Neil Postman (1985), Amusing
ourselves to death, Penguin books, New York, pp.184
Neil Postman’s classic manifesto
on the influence of television on popular culture, written in the 1980s, speaks
directly to our world today that is inundated with information. What is
fascinating about this work is the uncanny precision with which the author imagines
the future standing on the cusp of the internet revolution. The basic premise
of his argument is that there are two alternatives possible for the us, as the
next waves of technology wash us over- Orwellian dystopia or Huxleyan trivial
future.
In his most famous book 1984, George Orwell vividly anticipated
a new captive culture that was subjected to constant surveillance and control,
resulting in a world imprisoned in externally-manifested oppression. On the
other hand, Aldous Huxley’s Brave New
World imagined a new generation with an infinite appetite for distraction which
was eventually reduced to passivity and egoism. As we reflect on the seven
waves of digital revolution that has given us machine learning and
internet-of-things (where even ordinary objects are imbued with a semblance of
‘intelligence’), we seem to be increasingly staring at a Huxleyan universe.
The great transformation
The book is divided into two
parts. In the first section, Postman discusses the characteristics of the
enormous revolution through which we are living. In the second part, the author
examines various spheres of life that has metamorphosed, thanks to new media. Using
an American centric vantage point, Postman analyzes the totalitarian manner in
which television progressively transformed the way we understand and interpret
information. The first two chapters give a sketch of how the new medium created
a new metaphor (way of using language) and epistemology (way of knowing). In a
trenchant comparison, he contrasts what visual medium has creatively destroyed
that the typographic world of the printing press had given us earlier. His
analysis prods us to think about how the internet has disrupted a world that
was governed by visual media.
To begin with, the speed,
quantity and quality of information has changed and so has the need for
relevance, positionality and coherence. It seems that standard setting by
experts and counsel from experience is increasingly irrelevant as the entire
world is reduced to millions of data points and machines can decipher patterns
that we cannot. Furthermore, democratization of the digital universe has
ensured that we are not required to have eligibility of entry or membership or
even purpose when we inhabit the internet world. The need for well-thought out
exposition seems to be over and with it an appetite for public discourse.

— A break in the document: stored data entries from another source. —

Lemma mclosure_dist_le_diam A p q : mbounded d A ->
  mclosure d A p -> mclosure d A q -> d p q <= mdiam d A.
Proof.
move=> [x0 [r hr]] Ap Aq.
have ubA : has_ubound [set d x y | x in A & y in A].
  exists (r + r) => _ [x Ax [y Ay <-]].
  have := hr x Ax; have := hr y Ay; rewrite /cball /= => h1 h2.
  by have := mdist_triangle x x0 y; rewrite (mdistC x x0); lra.
apply/ler_addgt0Pr => e e0.
have [p' Ap' dpp'] := Ap (e / 2) ltac:(lra).
have [q' Aq' dqq'] := Aq (e / 2) ltac:(lra).
have : d p' q' <= mdiam d A by apply: ub_le_sup => //; exists p' => //; exists q'.
by have := mdist_triangle p p' q; have := mdist_triangle p' q' q; rewrite (mdistC q' q); lra.
Qed.

Lemma mcompact_cont_on_bounded C u : mcompact d C -> cont_on d C u ->
  exists M : R, forall x, C x -> `|u x| <= M.
Proof.
move=> cC cu.
pose F (n : nat) :=
  [set z | exists x r, (forall y, C y -> d x y < r -> `|u y| < n%:R) /\ d x z < r].
have cover : C `<=` \bigcup_n F n.
  move=> x Cx; have [r r0 hr] := cu x Cx 1 ltr01.
  have hn := archi_boundP (addr_ge0 (normr_ge0 (u x)) ler01).
  exists (Num.Def.archi_bound (`|u x| + 1)) => //; exists x, r; split; last by rewrite mdistxx.
  move=> y Cy dxy; have := hr y Cy dxy; have := ler_normD (u y - u x) (u x).
  by rewrite subrK distrC; lra.
have oF n : mopen d (F n) by apply: mopen_ball_union.
have [D fD DC] := cC nat F oF cover.
have [s Ds] := (finite_seqP D).1 fD.
exists (\max_(i <- s) i)%:R => z Cz.
have [n Dn [x [r [hr dxz]]]] := DC z Cz.
have : (n <= \max_(i <- s) i)%N by apply: leq_bigmax_seq => //; rewrite Ds in Dn.
by rewrite -(ler_nat R); have := hr z Cz dxz; lra.
Qed.

End Metric.

Section Measurability.
Context {R : realType} {dsp : measure_display} {X : measurableType dsp}.
Context {d : X -> X -> R} (mu : {measure set X -> \bar R}).
Hypotheses (Hm : is_metric d) (Hborel : borel_sets d).

Lemma mopen_measurable A : mopen d A -> measurable A.
Proof. by move=> oA; rewrite Hborel; apply: sub_sigma_algebra. Qed.

Lemma mclosed_measurable A : mclosed d A -> measurable A.
Proof. by move=> cA; rewrite -(setCK A); apply/measurableC/mopen_measurable. Qed.

Lemma cont_on_measurable C u : mclosed d C -> cont_on d C u -> measurable_fun C u.
Proof.
move=> cC cu; apply: (measurability _ (measurable_realfun.RGenInftyO.measurableE R)).
move=> _ [_ [r ->] <-].
pose U := [set z | exists x del, (forall y, C y -> d x y < del -> u y < r) /\ d x z < del].
have -> : C `&` u @^-1` `]-oo, r[ = C `&` U.
  apply/seteqP; split => z /= [Cz hz]; split => //.
    rewrite in_itv /= in hz; have [del del0 hdel] := cu z Cz (r - u z) ltac:(lra).
    exists z, del; split; last by rewrite mdistxx.
    move=> y Cy dzy; have := hdel y Cy dzy; have := ler_norm (u y - u z).
    by rewrite distrC; lra.
  by move: hz => [x [del [hr dxz]]]; rewrite in_itv /=; apply: hr.
by apply: measurableI; [exact: mclosed_measurable | exact/mopen_measurable/mopen_ball_union].
Qed.

Lemma linf_norm_le C u M : (forall x, C x -> `|u x| <= M) -> (linf_norm mu C u <= M%:E)%E.
Proof.
move=> uM; apply: ereal_inf_lbound => /=.
suff -> : C `&` [set x | (M%:E < (`|u x|)%:E)%E] = set0 by exact: measure0.
by apply/seteqP; split => x //= [Cx]; rewrite lte_fin; have := uM x Cx; lra.
Qed.

End Measurability.

Section Geodesic.
Context {R : realType} {X : Type} {d : X -> X -> R}.
Hypotheses (Hm : is_metric d) (Hgeod : mgeodesic d).

Lemma curve_length_ge_split g a b t : a <= t <= b ->
  ((d (g a) (g t) + d (g t) (g b))%:E <= curve_length d g a b)%E.
Proof.
move=> /andP[hat htb]; apply: ereal_sup_ubound; exists [:: a; t; b].
  by split; rewrite /= ?hat ?htb ?lexx ?(le_trans hat htb).
by rewrite /= !big_ord_recr big_ord0 /= add0r.
Qed.

(* The witness is the last time at which the curve lies in the closed set [P]. *)
Lemma curve_crossing g a b (P : X -> Prop) : a <= b -> curve_continuous d g a b ->
  (forall w, (forall e, 0 < e -> exists2 p, P p & d w p < e) -> P w) ->
  P (g a) -> ~ P (g b) ->
  exists t, [/\ a <= t <= b, P (g t) &
     forall e, 0 < e -> exists2 q, ~ P q & d (g t) q < e].
Proof.
move=> ab gc Pclosed Pa Pb.
pose S := [set t | a <= t <= b /\ P (g t)].
have Sa : S a by split; rewrite ?lexx ?ab.
have supS : has_sup S by split; [exists a | exists b => t [/andP[_ ->]]].
have aS : a <= sup S by apply: ub_le_sup; case: supS.
have Sb : sup S <= b by apply: ge_sup; [exists a | move=> t [/andP[_ ->]]].
have atb : a <= sup S <= b by rewrite aS Sb.
have PS : P (g (sup S)).
  apply: Pclosed => e e0; have [del del0 hd] := gc _ atb e e0.
  have [s [/andP[a_s sb] Ps] hs] := sup_adherent del0 supS.
  have sS : s <= sup S by apply: ub_le_sup; [case: supS | split; rewrite ?a_s].
  exists (g s) => //; rewrite mdistC //; apply: hd; first by rewrite a_s sb.
  by rewrite ler0_norm ?subr_le0 //; lra.
exists (sup S); split => // e e0.
have Sb' : sup S < b by rewrite lt_neqAle Sb andbT; apply/eqP => Sb'; rewrite -Sb' in Pb.
have [del del0 hd] := gc _ atb e e0.
pose s := Num.min (sup S + del / 2) b.
have [Ss sb sdel] : [/\ sup S < s, s <= b & s - sup S < del].
  by rewrite /s; case: (leP (sup S + del / 2) b) => h; split; lra.
exists (g s).
  move=> Ps; have : s <= sup S by apply: ub_le_sup; [case: supS | split=> //; apply/andP; split; lra].
  lra.
rewrite mdistC //; apply: hd; first by apply/andP; split; lra.
by rewrite ger0_norm; lra.
Qed.

Lemma geodesic_intermediate_point x z r : 0 <= r -> r < d x z ->
  exists w, d x w <= r /\ d w z <= d x z - r.
Proof.
move=> r0 rz; have [a [b [g [ab ga gb gc gl]]]] := Hgeod x z.
have Pclosed w : (forall e, 0 < e -> exists2 p, d x p <= r & d w p < e) -> d x w <= r.
  move=> H; apply/ler_addgt0Pr => e e0; have [p hp dp] := H e e0.
  by have := mdist_triangle Hm x p w; rewrite (mdistC Hm p w); lra.
have [||t [atb Pt Pbd]] := curve_crossing ab gc Pclosed.
- by rewrite ga mdistxx.
- by rewrite gb; lra.
exists (g t); split => //.
have rle : r <= d x (g t).
  rewrite leNgt; apply/negP => h.
  have [q nq dq] := Pbd (r - d x (g t)) ltac:(lra).
  by apply: nq; have := mdist_triangle Hm x (g t) q; lra.
by have := curve_length_ge_split g atb; rewrite gl ga gb lee_fin; lra.
Qed.

Lemma geodesic_cball_shift a b r s z : 0 <= r -> d b z <= s ->
  exists2 w, cball d a r w & d z w <= Num.max 0 (d a b + s - r).
Proof.
move=> r0 dbz; case: (leP (d a z) r) => daz.
  by exists z; rewrite // mdistxx // le_max lexx.
have [w [daw dwz]] := geodesic_intermediate_point r0 daz.
exists w => //; rewrite mdistC // le_max; apply/orP; right.
by have := mdist_triangle Hm a b z; lra.
Qed.

(* A geodesic from [x] to a point [y] outside the closure meets the boundary
   at some [g t]; as [rho x <= d x (g t)], its length [d x y <= rho x] forces
   [g t = y]. *)
Lemma admissible_Bx_sub_mclosure O rho x : admissible_radius d O rho -> O x ->
  Bx d rho x `<=` mclosure d O.
Proof.
move=> [_ _ rho_bd _] Ox y dxy; apply: contrapT => Oy.
have [a [b [g [ab ga gb gc gl]]]] := Hgeod x y.
have [||t [atb Pt Pbd]] := curve_crossing ab gc (mclosure_approx Hm (A := O)).
- by rewrite ga; exact: mclosure_sub.
- by rewrite gb.
have bd : mboundary d O (g t).
  split => // e e0; have [q Oq dq] := Pbd e e0.
  by exists q => // Oq'; apply/Oq/mclosure_sub.
have := (rho_bd x Ox).2 _ bd.
have := curve_length_ge_split g atb; rewrite gl ga gb lee_fin.
rewrite /Bx /cball /= in dxy => len_ge rho_le.
have /(mdist_eq0 Hm) gty : d (g t) y = 0 by apply/eqP; rewrite eq_le mdist_ge0 // andbT; lra.
by apply: Oy; rewrite -gty.
Qed.

End Geodesic.

Lemma affine_comb_dist_le (R : realDomainType) (a s1 s2 m1 m2 : R) : a <= 1 ->
  `|(a * s1 + (1 - a) * m1) - (a * s2 + (1 - a) * m2)|
    <= `|a| * `|s1 - s2| + (1 - a) * `|m1 - m2|.
Proof.
move=> a1; have -> : a * s1 + (1 - a) * m1 - (a * s2 + (1 - a) * m2) =
                     a * (s1 - s2) + (1 - a) * (m1 - m2) by ring.
by apply: le_trans (ler_normD _ _) _; rewrite !normrM (@ger0_norm _ (1 - a)) ?subr_ge0.
Qed.

Lemma max0_shift_sum_le (R : realDomainType) (t a b v : R) :
  0 <= t -> t <= v -> `|a - b| <= v ->
  Num.max 0 (t + b - a) + Num.max 0 (t + a - b) <= 2 * v.
Proof.
rewrite ler_norml => t0 tv /andP[abv bav].
by case: (leP 0 (t + b - a)); case: (leP 0 (t + a - b)); lra.
Qed.

Section ModuliOnDiameter.
Context {R : realType} {X : Type} (d : X -> X -> R) (O : set X).
Local Notation D := (mdiam d O).

Lemma concave_on_midpoint w s t : concave_on d O w ->
  0 <= s <= D -> 0 <= t <= D -> (w s + w t) / 2 <= w ((s + t) / 2).
Proof.
move=> conc s_in t_in; have := conc s t (1 / 2) s_in t_in.
have -> : 1 / 2 * s + (1 - 1 / 2) * t = (s + t) / 2 by field.
lra.
Qed.

Lemma concave_modulus_chord w t : modulus d O w -> concave_on d O w ->
  0 < D -> 0 <= t <= D -> t / D * w D <= w t.
Proof.
move=> [_ _ w0 _] conc D0 /andP[t0 tD].
have := conc D 0 (t / D); rewrite w0 !mulr0 !addr0 divfK ?gt_eqF //; apply.
- by rewrite ltW ?lexx.
- by rewrite lexx ltW.
- by rewrite divr_ge0 ?(ltW D0) //= ler_pdivrMr // mul1r.
Qed.

Lemma omega_hat_bounds wr t : modulus d O wr -> concave_on d O wr -> wr D <= D ->
  0 <= t <= D ->
  [/\ t <= omega_hat d O wr t, wr t <= omega_hat d O wr t & omega_hat d O wr t <= D].
Proof.
move=> wr_mod conc wrD t_in; have [mono _ _ wr_ge0] := wr_mod.
have /andP[t0 tD] := t_in.
rewrite /omega_hat; case: asboolP => [sub_id|]; first by rewrite lexx tD sub_id.
move=> /existsNP[s /not_implyP[/andP[s0 sD] /negP]]; rewrite -ltNge => wrs.
have wrD0 : 0 < wr D by apply: lt_le_trans (mono s D s0 sD (lexx D)); lra.
have D0 : 0 < D by lra.
have c1 : 1 <= D / wr D by rewrite ler_pdivlMr // mul1r.
have wrt0 : 0 <= wr t by apply: wr_ge0.
have wrtD : wr t <= wr D by apply: mono.
split.
- rewrite {1}(_ : t = D / wr D * (t / D * wr D)).
    by apply: ler_wpM2l; [rewrite divr_ge0 ?ltW | exact: concave_modulus_chord].
  by field; rewrite !gt_eqF.
- by rewrite -[leLHS]mul1r ler_wpM2r.
- by rewrite -[leRHS](divfK (lt0r_neq0 wrD0)) ler_wpM2l // ltW // divr_gt0.
Qed.

End ModuliOnDiameter.

Section Midrange.
Context {R : realType} {X : Type}.

Definition midrange (u : X -> R) (A : set X) : R :=
  (sup [set u y | y in A] + inf [set u y | y in A]) / 2.

Lemma sup_inf_image_shift (u : X -> R) (A B : set X) M c :
  A !=set0 -> B !=set0 -> (forall z, A z -> `|u z| <= M) ->
  (forall z, B z -> exists2 w, A w & `|u z - u w| <= c) ->
  sup [set u y | y in B] <= sup [set u y | y in A] + c /\
  inf [set u y | y in A] <= inf [set u y | y in B] + c.
Proof.
move=> _ [b Bb] uM shift.
have neB : [set u y | y in B] !=set0 by exists (u b), b.
have [ubA lbA] : has_ubound [set u y | y in A] /\ has_lbound [set u y | y in A].
  by split; [exists M | exists (- M)] => _ [z /uM + <-]; rewrite ler_norml => /andP[].
split.
- apply: ge_sup => // _ [z Bz <-]; have [w Aw uzw] := shift z Bz.
  have : u w <= sup [set u y | y in A] by apply: ub_le_sup => //; exists w.
  by have := ler_norm (u z - u w); lra.
- rewrite -lerBlDr; apply: lb_le_inf => // _ [z Bz <-]; have [w Aw uzw] := shift z Bz.
  have : inf [set u y | y in A] <= u w by apply: ge_inf => //; exists w.
  by have := ler_norm (u w - u z); rewrite distrC; lra.
Qed.

Lemma midrange_dist_le (u : X -> R) (A B : set X) M cA cB :
  A !=set0 -> B !=set0 ->
  (forall z, A z -> `|u z| <= M) -> (forall z, B z -> `|u z| <= M) ->
  (forall z, B z -> exists2 w, A w & `|u z - u w| <= cA) ->
  (forall z, A z -> exists2 w, B w & `|u z - u w| <= cB) ->
  `|midrange u A - midrange u B| <= (cA + cB) / 2.
Proof.
move=> neA neB uMA uMB BA AB.
have [supB infA] := sup_inf_image_shift neA neB uMA BA.
have [supA infB] := sup_inf_image_shift neB neA uMB AB.
by rewrite /midrange ler_norml; apply/andP; split; lra.
Qed.

End Midrange.

Section MidrangeModulus.
Context {R : realType} {X : Type} {d : X -> X -> R}.
Hypotheses (Hm : is_metric d) (Hgeod : mgeodesic d).
Variables (O : set X) (rho : X -> R) (K : set X).
Hypotheses (Obdd : mbounded d O) (Hrho : admissible_radius d O rho) (KO : K `<=` O).
Local Notation D := (mdiam d O).

Lemma Bx_shift_modulus u omega a b z : modulus_for d O omega u (Ktilde d rho K) ->
  K a -> K b -> Bx d rho b z ->
  exists2 w, Bx d rho a w &
    `|u z - u w| <= omega (Num.min D (Num.max 0 (d a b + rho b - rho a))).
Proof.
move=> [[mono _ _ _] u_mod] Ka Kb Bz.
have rho_a0 : 0 <= rho a by case: Hrho => _ _ /(_ a (KO Ka)) [/ltW].
have [w Bw dzw] := geodesic_cball_shift Hm Hgeod a rho_a0 Bz.
exists w => //; apply: le_trans (u_mod z w _ _) _; [by exists b | by exists a |].
have Cz := admissible_Bx_sub_mclosure Hm Hgeod Hrho (KO Kb) Bz.
have Cw := admissible_Bx_sub_mclosure Hm Hgeod Hrho (KO Ka) Bw.
apply: mono; first exact: mdist_ge0.
- by rewrite le_min dzw mclosure_dist_le_diam.
- by rewrite ge_min lexx.
Qed.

Consequently, appreciation of silence, ability for reasoned arguments and
adherence to self-imposed restraint are becoming rare qualities. The
fragmentation of information with no attention to sequencing, meaning, value
and scale leads to the generation of an immense amount of information packs
that momentarily invade our lives incoherently and chaotically. As a result, we
become the product and consumers of the information age.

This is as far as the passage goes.